I'm developing an application that will run on an Amazon EC2 instance, and execute certain commands that require root access. The problem is that different VM's give root access in different ways. E.g. some VM's give direct access to the root account, while others will simply allow a default non-root user access to sudo.

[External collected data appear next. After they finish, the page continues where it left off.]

(* Let a loop-tangle diagram be minimal, i.e. the disc bounded by its loop contains no $1$-sided and no $2$-sided faces. Then inside the disc there is at least one of the following: a triangular face one of whose sides is a connected subarc of the loop; two triangular faces sharing a side; a quadrilateral face sharing at least one side with a triangular face; or a pentagonal face sharing at least four of its sides with triangular faces.
   Context: In an oriented knot diagram, a loop is a subarc $\gamma^\dagger$ of the knot such that (1) $\gamma^\dagger$ has exactly one self-crossing $u$, forming a loop bounding a disc $R$; (2) apart from $u$, at every crossing $\gamma^\dagger$ meets, $\gamma^\dagger$ is the under-strand (or at every such crossing it is the over-strand); (3) the two edges incident to $u$ not on the loop lie outside $R$. The tangle consists of the arcs of the knot inside $R$, each crossing the loop at its two endpoints; loop plus tangle is the loop-tangle diagram. Its faces are the faces inside $R$ of the planar $4$-valent graph formed by the loop and tangle (vertices: $u$, crossings of the tangle with the loop, and crossings of the tangle inside $R$); an $N$-sided face (triangle for $N=3$, quadrilateral for $N=4$, pentagon for $N=5$) is one bounded by $N$ edges. *)

From mathcomp Require Import all_boot.
Set Implicit Arguments. Unset Strict Implicit. Unset Printing Implicit Defensive.

Section LoopTangle.
Variable D : finType.          (* darts (half-edges) of the loop-tangle diagram *)
Variables (node edge : D -> D). (* node: rotation around a vertex; edge: other half of the edge *)

Definition face (x : D) : D := node (edge x).

Definition nV := fcard node predT.
Definition nE := fcard edge predT.
Definition nF := fcard face predT.

(* a connected planar (genus 0) combinatorial map *)
Definition planar_map : Prop :=
  [/\ injective node,
      (forall x, edge (edge x) = x),
      (forall x, edge x != x),
      (forall x y, connect [rel a b | (b == node a) || (b == edge a)] x y) &
      nV + nF = nE + 2].

(* o is a dart of the face lying outside the disc R bounded by the loop *)
Definition on_loop_face (o x : D) : bool := fconnect face o x.
Definition inner (o x : D) : bool := ~~ fconnect face o x.
Definition boundary_vertex (o v : D) : Prop :=
  exists2 y, on_loop_face o y & fconnect node y v.
(* strand continuation: straight through a 4-valent crossing *)
Definition strand_step (x : D) : D := node (node (edge x)).

(* A loop-tangle diagram (its underlying planar 4-valent picture restricted to
   the closed disc R).  The loop is the boundary of the outer face o; on the
   loop there is the vertex u (degree 2 inside R) and crossings of the tangle
   with the loop (degree 3 inside R); interior vertices are crossings of the
   tangle (degree 4); every tangle strand, followed straight through
   crossings, reaches the loop (no closed curves inside R). *)
Definition loop_tangle (o : D) : Prop :=
  planar_map /\ [/\
      (* the loop is a simple closed curve: outer face visits each vertex once *)
      (forall x y, on_loop_face o x -> on_loop_face o y -> fconnect node x y -> x = y),
      (forall x, on_loop_face o x -> inner o (edge x)),
      (exists u, [/\ on_loop_face o u, order node u = 2 &
         (forall x, on_loop_face o x -> ~~ fconnect node u x -> order node x = 3)]),
      (forall v, ~ boundary_vertex o v -> order node v = 4) &
      (forall x, exists k, boundary_vertex o (edge (iter k strand_step x)))].

Definition minimal_lt (o : D) : Prop :=
  forall x, inner o x -> order face x <> 1 /\ order face x <> 2.

Definition inner_triangle (o x : D) : bool := inner o x && (order face x == 3).

End LoopTangle.

From Pilot Require Import Defs.
From mathcomp Require Import all_boot zify.
From Stdlib Require Import Classical.
Set Implicit Arguments. Unset Strict Implicit. Unset Printing Implicit Defensive.

(* Discharging.  Euler's formula for the map of the disc R reads
   sum_v (deg v - 4) + sum_f (len f - 4) = -8.  Let the outer face give one unit
   to each of its corners: it keeps -4, interior vertices have charge 0, loop
   vertices charge >= 0 and the degree-2 vertex u charge >= -1.  Hence
   sum (4 - len f) >= 3 over the inner faces.  Multiply by 3 and let every inner
   triangle send one unit across each of its sides.  If none of the four
   configurations occurs, minimality leaves no inner face with fewer than three
   sides, triangles and quadrilaterals receive nothing, a pentagon receives at
   most 3 and a k-gon (k >= 6) at most k, so every inner face ends with a
   nonpositive charge although the total is at least 9. *)

Lemma sum_bool_card (T : finType) (A : {pred T}) (b : pred T) :
  \sum_(x in A) b x = #|[predI A & b]|.
Proof.
rewrite -sum1_card big_mkcondr; apply: eq_bigr => x _.
by rewrite -[x \in b]/(b x); case: (b x).
Qed.

Section Orbits.
Variables (T : finType) (f : T -> T).
Hypothesis f_inj : injective f.

Let fsym := fconnect_sym f_inj.

Lemma order_fconnect x y : fconnect f x y -> order f x = order f y.
Proof. by move=> xy; apply: eq_card => z; rewrite !inE (same_connect fsym xy). Qed.

Lemma fixpoint_order_le1 x : f x = x -> order f x <= 1.
Proof. by move=> fx; apply: (@order_le_cycle _ _ [:: x]); rewrite ?inE //= fx eqxx. Qed.

Lemma order_involutive x : involutive f -> f x != x -> order f x = 2.
Proof.
move=> fK fx; apply: (@order_cycle _ f [:: x; f x]) => /=; last exact: mem_head.
  by rewrite fK !eqxx.
by rewrite inE eq_sym fx.
Qed.

Lemma big_orbits (R : Type) (idx : R) (op : Monoid.com_law idx)
    (a : {pred T}) (F : T -> R) : fclosed f a ->
  \big[op/idx]_(x in a) F x =
    \big[op/idx]_(r in [predI froots f & a]) \big[op/idx]_(x in fconnect f r) F x.
Proof.
move=> cl_a.
rewrite (partition_big (froot f) [predI froots f & a]) => [|x ax]; last first.
  by rewrite !inE (roots_root fsym) -(closed_connect cl_a (connect_root _ x)).
apply: eq_bigr => r /andP[/eqP rootr ar]; apply: eq_bigl => x.
rewrite -{1}rootr (root_connect fsym) -fsym.
by apply: andb_idl => /(closed_connect cl_a) <-.
Qed.

End Orbits.

Section LoopTangle.
Variables (D : finType) (node edge : D -> D) (o u : D).
Local Notation face := (face node edge).
Local Notation out := (on_loop_face node edge o).
Local Notation inner := (inner node edge o).
Local Notation triangle := (inner_triangle node edge o).

Hypothesis node_inj : injective node.
Hypothesis edgeK : involutive edge.
Hypothesis edge_neq : forall x, edge x != x.
Hypothesis euler : nV node + nF node edge = nE edge + 2.
Hypothesis u_out : out u.
Hypothesis u_degree : order node u = 2.
Hypothesis loop_degree : forall x, out x -> ~~ fconnect node u x -> order node x = 3.
Hypothesis inner_degree : forall v, ~ boundary_vertex node edge o v -> order node v = 4.
Hypothesis minimal : minimal_lt node edge o.

Let edge_inj : injective edge := inv_inj edgeK.
Let face_inj : injective face.
Proof. by move=> x y /node_inj /edge_inj. Qed.

Lemma inner_fconnect x y : fconnect face x y -> inner x = inner y.
Proof. by move=> xy; rewrite /Defs.inner (same_connect_r (fconnect_sym face_inj) xy). Qed.

Lemma fclosed_inner : fclosed face inner.
Proof. by move=> x _ /eqP <-; apply: inner_fconnect (fconnect1 _ _). Qed.

Lemma loop_vertex_degree y r : out y -> fconnect node y r ->
  order node r = if fconnect node u r then 2 else 3.
Proof.
move=> y_out yr; have [ur | not_ur] := ifPn.
  by rewrite -(order_fconnect node_inj ur).
rewrite -(order_fconnect node_inj yr) loop_degree //.
by apply: contra not_ur => uy; apply: connect_trans uy yr.
Qed.

Lemma vertex_degree_ge2 x : 2 <= order node x.
Proof.
have [[y y_out yx] | interior] := classic (boundary_vertex node edge o x).
  by rewrite (loop_vertex_degree y_out yx); case: ifP.
by rewrite inner_degree.
Qed.

Lemma node_moves x : node x != x.
Proof.
apply: contraTneq (vertex_degree_ge2 x) => /fixpoint_order_le1.
by rewrite -leqNgt.
Qed.

(* The term [x == u] pays for the deficit of the vertex of u, at a total cost of one. *)
Lemma vertex_charge r :
  4 <= \sum_(x in fconnect node r) (1 + out x + (x == u)).
Proof.
rewrite !big_split /= sum1_card -/(order node r).
have [[y y_out yr] | interior] := classic (boundary_vertex node edge o r); last first.
  by rewrite inner_degree.
have ry : y \in fconnect node r by rewrite inE fconnect_sym.
have out_r : 1 <= \sum_(x in fconnect node r) out x by rewrite (bigD1 y) //= y_out.
rewrite (loop_vertex_degree y_out yr); case: ifPn => [ur | _].
  have ru : u \in fconnect node r by rewrite inE fconnect_sym.
  have u_r : 1 <= \sum_(x in fconnect node r) (x == u) by rewrite (bigD1 u) //= eqxx.
  exact: leq_add (leq_add (leqnn 2) out_r) u_r.
exact: leq_trans (leq_add (leqnn 3) out_r) (leq_addr _ _).
Qed.

Lemma card_darts : #|D| = 2 * nE edge.
Proof.
rewrite mulnC -(@fcard_order_set _ _ edge_inj 2 predT) //.
by apply/subsetP => x _; rewrite inE order_involutive.
Qed.

Lemma four_nV_le : 4 * nV node <= #|D| + #|out| + 1.
Proof.
have weights : \sum_(x in predT) (1 + out x + (x == u)) = #|D| + #|out| + 1.
  rewrite !big_split /= sum1_card !sum_bool_card.
  by congr (_ + _ + _); rewrite -(card1 u); apply: eq_card.
rewrite -weights (big_orbits node_inj) // mulnC -sum_nat_const.
by apply: leq_sum => r _; apply: vertex_charge.
Qed.

Lemma nF_inner : nF node edge = 1 + fcard face inner.
Proof.
rewrite /nF (n_compC out) (n_comp_connect (fconnect_sym face_inj)).
by congr (_ + _); apply: eq_n_comp_r.
Qed.

Lemma inner_face_deficit : #|inner| + 3 <= 4 * fcard face inner.
Proof.
have darts_split : #|out| + #|inner| = #|D|.
  by rewrite -(cardC out); congr (_ + _); apply: eq_card.
have := four_nV_le; have := card_darts; have := nF_inner; lia.
Qed.

Lemma triangle_edge_other_face y : order face y = 3 -> ~~ fconnect face y (edge y).
Proof.
move=> y3; rewrite fconnect_orbit /orbit y3 !inE.
have face3 : face (face (face y)) = y by have := iter_order face_inj y; rewrite y3.
apply/or3P => -[] /eqP y_edge.
- by have := edge_neq y; rewrite y_edge eqxx.
- by have := node_moves (edge y); rewrite -[node _]/(face y) -y_edge eqxx.
- have := node_moves y; rewrite -{1}[y]edgeK y_edge.
  by rewrite -[node _]/(face (face (face y))) face3 eqxx.
Qed.

Definition triangle_sides x := #|[set y | fconnect face x y && triangle (edge y)]|.

Lemma triangle_sidesE x :
  triangle_sides x = \sum_(y in fconnect face x) triangle (edge y).
Proof. by rewrite sum_bool_card; apply: eq_card => y; rewrite !inE. Qed.

Local Notation inner_faces := [predI froots face & inner].

Lemma sum_triangle_faces :
  \sum_(r in inner_faces) 3 * (order face r == 3) = #|triangle|.
Proof.
have -> : #|triangle| = \sum_(x in inner) triangle x.
  by rewrite sum_bool_card; apply: eq_card => x; rewrite !inE -!topredE /= andbA andbb.
rewrite (big_orbits face_inj _ _ fclosed_inner); apply: eq_bigr => r /andP[_ r_inner].
rewrite (eq_bigr (fun=> nat_of_bool (order face r == 3))) => [|x rx]; last first.
  rewrite /inner_triangle -(inner_fconnect rx) (r_inner : inner r).
  by rewrite (order_fconnect face_inj rx).
by rewrite sum_nat_const -/(order face r); case: eqP => [->|_]; rewrite ?muln0.
Qed.

Section Discharging.
Hypothesis no_loop_triangle : ~ exists x, triangle x /\ out (edge x).
Hypothesis no_triangle_pair :
  ~ exists x, [/\ triangle x, triangle (edge x) & ~~ fconnect face x (edge x)].
Hypothesis no_quadrilateral_triangle :
  ~ exists x, [/\ inner x, order face x = 4 & triangle (edge x)].
Hypothesis no_pentagon_4triangles :
  ~ exists x, [/\ inner x, order face x = 5 & 4 <= triangle_sides x].

Lemma triangle_sides_small x :
  inner x -> order face x <= 4 -> triangle_sides x = 0.
Proof.
move=> x_inner x_small; apply/eqP; rewrite cards_eq0 -subset0; apply/subsetP => y.
rewrite inE => /andP[xy edge_triangle].
have y_inner : inner y by rewrite -(inner_fconnect xy).
have [not1 not2] := minimal y_inner.
have y_pos := order_gt0 face y; rewrite (order_fconnect face_inj xy) in x_small.
have [y3 | y_not3] := eqVneq (order face y) 3.
  case: no_triangle_pair; exists y; split => //.
    by rewrite /inner_triangle y_inner y3.
  exact: triangle_edge_other_face.
case: no_quadrilateral_triangle; exists y; split => //; lia.
Qed.

Lemma face_discharge x : inner x ->
  12 + triangle_sides x <= 3 * order face x + 3 * (order face x == 3).
Proof.
move=> x_inner; have [not1 not2] := minimal x_inner; have := order_gt0 face x.
have sides_le : triangle_sides x <= order face x.
  by apply: subset_leq_card; apply/subsetP => y; rewrite inE => /andP[].
have [x_small | x_large] := leqP (order face x) 4.
  by rewrite triangle_sides_small //; case: eqP; lia.
have [x5 | x_not5] := eqVneq (order face x) 5.
  have : triangle_sides x <= 3.
    by rewrite leqNgt; apply/negP => sides4; apply: no_pentagon_4triangles; exists x.
  by rewrite x5; lia.
by case: eqP; lia.
Qed.

Lemma sum_triangle_sides : \sum_(r in inner_faces) triangle_sides r = #|triangle|.
Proof.
under eq_bigr do rewrite triangle_sidesE.
rewrite -(big_orbits face_inj _ _ fclosed_inner).
have -> : \sum_(y in inner) triangle (edge y) = \sum_y triangle (edge y).
  rewrite [RHS](bigID inner) /= [X in _ = _ + X]big1 ?addn0 // => y y_out.
  case tri: (triangle (edge y)) => //; case: no_loop_triangle; exists (edge y).
  by rewrite edgeK; split => //; apply: negbNE.
have -> : #|triangle| = \sum_y triangle y by rewrite sum_bool_card; apply: eq_card.
by rewrite [RHS](reindex_inj edge_inj).
Qed.

Lemma no_configuration_false : False.
Proof.
have inner_darts : #|inner| = \sum_(r in inner_faces) order face r.
  rewrite -sum1_card (big_orbits face_inj _ _ fclosed_inner).
  by apply: eq_bigr => r _; apply: sum1_card.
have discharge : \sum_(r in inner_faces) (12 + triangle_sides r)
    <= \sum_(r in inner_faces) (3 * order face r + 3 * (order face r == 3)).
  by apply: leq_sum => r /andP[_]; apply: face_discharge.
move: discharge; rewrite big_split [X in _ <= X]big_split.
rewrite sum_nat_const -big_distrr -inner_darts.
rewrite sum_triangle_sides sum_triangle_faces.
have -> : #|inner_faces| = fcard face inner by [].
have := inner_face_deficit; rewrite /=; lia.
Qed.

End Discharging.

End LoopTangle.

Theorem proposition5p12 (D : finType) (node edge : D -> D) (o : D) :
  loop_tangle node edge o ->
  minimal_lt node edge o ->
  (* a triangle with a side on the loop *)
  (exists x, inner_triangle node edge o x /\ on_loop_face node edge o (edge x))
  \/
  (* two distinct triangles sharing a side *)
  (exists x, [/\ inner_triangle node edge o x, inner_triangle node edge o (edge x)
               & ~~ fconnect (face node edge) x (edge x)])
  \/
  (* a quadrilateral sharing a side with a triangle *)
  (exists x, [/\ inner node edge o x, order (face node edge) x = 4
               & inner_triangle node edge o (edge x)])
  \/
  (* a pentagon sharing at least four of its sides with triangles *)
  (exists x, [/\ inner node edge o x, order (face node edge) x = 5
               & 4 <= #|[set y | fconnect (face node edge) x y
                                  && inner_triangle node edge o (edge y)]|]).
Proof.
move=> [[node_inj edgeK edge_neq _ euler] [_ _ u_vertex inner_degree _]] minimal.
have [u [u_out u_degree loop_degree]] := u_vertex.
apply: NNPP => /not_or_and[c1 /not_or_and[c2 /not_or_and[c3 c4]]].
exact: (no_configuration_false node_inj edgeK edge_neq euler u_out u_degree loop_degree
  inner_degree minimal c1 c2 c3 c4).
Qed.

Now, I can easily solve the above example by adding an option to prepend "sudo " to all commands. However, I'm not very familiar with unix, and I'd like to know if there are any other ways of gaining root privileges that I should prepare my program for. Are su and sudo reasonably enough?

  • 1
    belongs to ServerFault or to Linux&Unix SE site
    – genesis
    Jul 11, 2011 at 18:02

3 Answers 3


There are several sudo-like tools (calife, op, super, …) — see How do I run a command as the system administrator (root) — but you could spend your life on unix systems without encountering them (they've all been displaced by sudo). In practice, if you need to call scripts as root, either arrange for all your machines to have passwordless sudo, or to allow ssh logins as root. There's not much of a security difference between the two: either way, the script must have all the credentials necessary to reach the root account.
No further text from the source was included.